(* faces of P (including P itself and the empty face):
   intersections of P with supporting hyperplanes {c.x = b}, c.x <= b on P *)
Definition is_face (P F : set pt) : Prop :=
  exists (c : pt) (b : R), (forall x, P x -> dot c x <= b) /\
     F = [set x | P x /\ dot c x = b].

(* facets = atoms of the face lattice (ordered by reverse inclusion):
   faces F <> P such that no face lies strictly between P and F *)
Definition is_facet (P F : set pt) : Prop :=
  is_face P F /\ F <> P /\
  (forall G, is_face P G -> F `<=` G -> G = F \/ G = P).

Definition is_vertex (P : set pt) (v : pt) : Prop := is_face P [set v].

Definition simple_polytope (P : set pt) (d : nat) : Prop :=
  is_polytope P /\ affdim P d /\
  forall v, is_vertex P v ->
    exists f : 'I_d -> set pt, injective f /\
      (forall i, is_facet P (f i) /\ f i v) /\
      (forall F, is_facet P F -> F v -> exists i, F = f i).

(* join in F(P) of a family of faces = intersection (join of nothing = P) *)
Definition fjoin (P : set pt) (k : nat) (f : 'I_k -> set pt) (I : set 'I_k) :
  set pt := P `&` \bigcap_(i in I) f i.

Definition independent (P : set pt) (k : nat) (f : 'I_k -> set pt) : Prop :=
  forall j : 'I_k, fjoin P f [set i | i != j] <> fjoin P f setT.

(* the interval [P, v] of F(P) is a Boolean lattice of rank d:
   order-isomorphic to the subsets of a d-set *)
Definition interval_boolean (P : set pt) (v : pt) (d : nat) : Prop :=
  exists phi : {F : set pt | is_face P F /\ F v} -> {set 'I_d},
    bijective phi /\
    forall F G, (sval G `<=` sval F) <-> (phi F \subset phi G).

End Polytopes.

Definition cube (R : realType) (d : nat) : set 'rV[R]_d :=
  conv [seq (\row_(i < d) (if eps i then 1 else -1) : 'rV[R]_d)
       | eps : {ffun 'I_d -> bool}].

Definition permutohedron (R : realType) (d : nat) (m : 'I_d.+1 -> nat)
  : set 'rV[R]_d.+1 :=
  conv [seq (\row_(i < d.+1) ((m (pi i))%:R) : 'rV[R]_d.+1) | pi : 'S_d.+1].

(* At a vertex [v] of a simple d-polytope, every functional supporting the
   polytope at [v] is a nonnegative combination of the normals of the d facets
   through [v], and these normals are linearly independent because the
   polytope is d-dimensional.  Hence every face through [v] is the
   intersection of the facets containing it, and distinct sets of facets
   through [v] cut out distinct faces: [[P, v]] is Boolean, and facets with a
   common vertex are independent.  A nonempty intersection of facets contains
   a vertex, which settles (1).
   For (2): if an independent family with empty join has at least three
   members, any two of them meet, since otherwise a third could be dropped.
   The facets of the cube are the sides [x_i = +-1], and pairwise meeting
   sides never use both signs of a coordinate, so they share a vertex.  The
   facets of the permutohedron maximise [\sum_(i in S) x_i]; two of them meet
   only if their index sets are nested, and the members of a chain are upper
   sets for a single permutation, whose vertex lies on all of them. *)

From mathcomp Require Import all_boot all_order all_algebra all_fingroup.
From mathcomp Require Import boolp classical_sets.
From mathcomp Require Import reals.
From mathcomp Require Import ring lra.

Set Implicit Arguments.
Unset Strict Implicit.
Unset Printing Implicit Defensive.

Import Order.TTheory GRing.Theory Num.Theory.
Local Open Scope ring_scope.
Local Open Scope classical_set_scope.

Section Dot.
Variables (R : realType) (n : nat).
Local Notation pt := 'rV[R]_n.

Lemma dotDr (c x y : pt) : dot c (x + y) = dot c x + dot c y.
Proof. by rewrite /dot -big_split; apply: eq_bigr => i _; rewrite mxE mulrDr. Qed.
○ ○ ○ ○ ○ ○ ○
What to produce → Search the entries for the string "family". Copy every line that has it.

Result for this task →
(* join in F(P) of a family of faces = intersection (join of nothing = P) *)
   For (2): if an independent family with empty join has at least three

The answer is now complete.